§ WHAT THE TASK REQUIRES:
Which lines below contain "intros"? Pull them out.

§ RECORDS FOR THIS TASK:
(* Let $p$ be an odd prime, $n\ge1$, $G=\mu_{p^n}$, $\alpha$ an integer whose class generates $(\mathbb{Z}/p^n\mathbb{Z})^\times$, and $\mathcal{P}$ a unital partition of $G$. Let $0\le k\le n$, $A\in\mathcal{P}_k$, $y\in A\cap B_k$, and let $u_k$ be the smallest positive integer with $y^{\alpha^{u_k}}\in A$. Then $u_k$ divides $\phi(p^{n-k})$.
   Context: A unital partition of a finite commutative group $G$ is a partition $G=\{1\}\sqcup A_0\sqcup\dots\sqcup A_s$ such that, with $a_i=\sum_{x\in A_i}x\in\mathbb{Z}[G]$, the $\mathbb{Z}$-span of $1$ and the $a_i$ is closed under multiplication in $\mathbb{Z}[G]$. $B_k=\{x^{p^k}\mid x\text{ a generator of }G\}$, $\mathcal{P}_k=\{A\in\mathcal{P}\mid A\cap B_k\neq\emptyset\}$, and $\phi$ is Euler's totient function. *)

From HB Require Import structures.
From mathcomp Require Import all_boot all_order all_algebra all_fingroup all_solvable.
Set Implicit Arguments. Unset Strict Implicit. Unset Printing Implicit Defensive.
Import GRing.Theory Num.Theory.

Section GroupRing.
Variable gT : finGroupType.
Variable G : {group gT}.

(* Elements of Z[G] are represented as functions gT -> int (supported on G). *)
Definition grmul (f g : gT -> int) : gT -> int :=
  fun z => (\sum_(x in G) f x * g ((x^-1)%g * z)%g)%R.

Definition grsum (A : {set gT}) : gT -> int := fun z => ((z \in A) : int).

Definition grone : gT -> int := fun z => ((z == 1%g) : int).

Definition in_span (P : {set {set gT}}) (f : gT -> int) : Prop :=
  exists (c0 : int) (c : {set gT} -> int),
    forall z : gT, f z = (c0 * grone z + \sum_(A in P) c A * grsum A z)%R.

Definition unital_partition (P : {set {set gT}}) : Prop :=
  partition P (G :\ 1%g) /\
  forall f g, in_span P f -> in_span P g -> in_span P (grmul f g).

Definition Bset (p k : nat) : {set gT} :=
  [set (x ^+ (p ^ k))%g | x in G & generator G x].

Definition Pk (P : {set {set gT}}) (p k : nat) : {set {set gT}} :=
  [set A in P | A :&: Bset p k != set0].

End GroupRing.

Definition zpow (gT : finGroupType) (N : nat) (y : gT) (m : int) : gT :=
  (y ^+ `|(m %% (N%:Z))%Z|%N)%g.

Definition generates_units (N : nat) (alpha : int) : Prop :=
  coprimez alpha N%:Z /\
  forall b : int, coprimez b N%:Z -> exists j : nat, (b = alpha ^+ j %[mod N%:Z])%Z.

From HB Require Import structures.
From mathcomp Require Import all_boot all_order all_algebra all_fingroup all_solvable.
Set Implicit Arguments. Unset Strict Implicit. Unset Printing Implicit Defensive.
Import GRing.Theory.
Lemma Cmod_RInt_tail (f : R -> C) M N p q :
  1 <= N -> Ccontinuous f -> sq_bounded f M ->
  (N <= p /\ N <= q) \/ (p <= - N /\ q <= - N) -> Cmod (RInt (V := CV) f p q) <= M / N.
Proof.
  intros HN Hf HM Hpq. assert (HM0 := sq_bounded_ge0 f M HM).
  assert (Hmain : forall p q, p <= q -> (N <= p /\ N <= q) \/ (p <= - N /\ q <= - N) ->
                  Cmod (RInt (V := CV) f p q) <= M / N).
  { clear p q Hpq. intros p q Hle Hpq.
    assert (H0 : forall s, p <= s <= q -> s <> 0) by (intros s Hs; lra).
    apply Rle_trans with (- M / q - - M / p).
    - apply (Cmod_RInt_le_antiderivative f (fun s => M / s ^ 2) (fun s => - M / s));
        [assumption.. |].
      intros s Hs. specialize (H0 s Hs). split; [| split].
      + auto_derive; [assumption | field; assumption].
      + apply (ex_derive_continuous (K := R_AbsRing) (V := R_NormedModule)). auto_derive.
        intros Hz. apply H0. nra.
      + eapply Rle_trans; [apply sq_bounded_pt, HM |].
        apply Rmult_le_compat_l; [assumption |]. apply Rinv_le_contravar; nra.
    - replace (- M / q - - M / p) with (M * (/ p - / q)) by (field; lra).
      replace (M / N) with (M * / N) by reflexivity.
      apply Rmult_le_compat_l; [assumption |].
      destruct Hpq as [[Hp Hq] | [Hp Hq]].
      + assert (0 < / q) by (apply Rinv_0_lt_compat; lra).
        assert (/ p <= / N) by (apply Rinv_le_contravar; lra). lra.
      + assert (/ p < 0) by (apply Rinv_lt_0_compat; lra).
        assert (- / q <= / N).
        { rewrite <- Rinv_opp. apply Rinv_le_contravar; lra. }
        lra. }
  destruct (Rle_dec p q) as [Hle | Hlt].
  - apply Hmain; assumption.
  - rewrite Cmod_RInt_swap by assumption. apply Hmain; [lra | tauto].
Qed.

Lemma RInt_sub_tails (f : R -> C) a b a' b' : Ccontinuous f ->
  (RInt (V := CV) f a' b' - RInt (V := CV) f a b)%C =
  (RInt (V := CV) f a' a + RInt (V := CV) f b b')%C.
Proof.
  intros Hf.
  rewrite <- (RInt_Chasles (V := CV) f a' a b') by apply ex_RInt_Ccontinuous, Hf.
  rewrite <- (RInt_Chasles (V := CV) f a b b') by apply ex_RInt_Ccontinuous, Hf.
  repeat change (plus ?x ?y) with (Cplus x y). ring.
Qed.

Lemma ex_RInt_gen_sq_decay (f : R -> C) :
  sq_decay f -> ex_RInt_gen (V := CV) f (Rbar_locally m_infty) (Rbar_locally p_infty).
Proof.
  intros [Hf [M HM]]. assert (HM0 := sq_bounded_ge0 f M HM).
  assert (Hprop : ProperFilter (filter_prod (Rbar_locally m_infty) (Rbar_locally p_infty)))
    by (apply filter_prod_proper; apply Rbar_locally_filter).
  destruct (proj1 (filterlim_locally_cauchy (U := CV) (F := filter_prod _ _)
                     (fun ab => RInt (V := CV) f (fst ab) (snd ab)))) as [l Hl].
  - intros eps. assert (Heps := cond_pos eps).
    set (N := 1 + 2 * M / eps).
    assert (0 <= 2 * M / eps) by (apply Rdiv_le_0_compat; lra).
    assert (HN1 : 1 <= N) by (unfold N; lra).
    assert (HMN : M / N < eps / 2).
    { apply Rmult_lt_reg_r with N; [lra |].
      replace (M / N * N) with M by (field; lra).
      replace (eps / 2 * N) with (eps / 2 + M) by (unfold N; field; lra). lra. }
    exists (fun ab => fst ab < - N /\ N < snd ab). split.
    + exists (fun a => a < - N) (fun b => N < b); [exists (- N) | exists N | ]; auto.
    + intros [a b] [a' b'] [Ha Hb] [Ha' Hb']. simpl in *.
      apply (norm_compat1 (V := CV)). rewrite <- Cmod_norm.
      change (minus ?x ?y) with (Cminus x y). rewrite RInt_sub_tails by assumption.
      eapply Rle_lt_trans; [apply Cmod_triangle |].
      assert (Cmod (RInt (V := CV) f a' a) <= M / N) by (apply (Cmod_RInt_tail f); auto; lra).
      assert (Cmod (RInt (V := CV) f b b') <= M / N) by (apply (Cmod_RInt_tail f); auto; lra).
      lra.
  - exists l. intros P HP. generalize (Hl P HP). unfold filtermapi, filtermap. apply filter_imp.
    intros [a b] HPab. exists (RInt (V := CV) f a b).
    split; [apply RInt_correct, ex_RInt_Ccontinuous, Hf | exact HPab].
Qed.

§ COMPLETED TASK:
  intros HN Hf HM Hpq. assert (HM0 := sq_bounded_ge0 f M HM).
  { clear p q Hpq. intros p q Hle Hpq.
    assert (H0 : forall s, p <= s <= q -> s <> 0) by (intros s Hs; lra).
      intros s Hs. specialize (H0 s Hs). split; [| split].
        intros Hz. apply H0. nra.
  intros Hf.
  intros [Hf [M HM]]. assert (HM0 := sq_bounded_ge0 f M HM).
  - intros eps. assert (Heps := cond_pos eps).
    + intros [a b] [a' b'] [Ha Hb] [Ha' Hb']. simpl in *.
  - exists l. intros P HP. generalize (Hl P HP). unfold filtermapi, filtermap. apply filter_imp.
    intros [a b] HPab. exists (RInt (V := CV) f a b).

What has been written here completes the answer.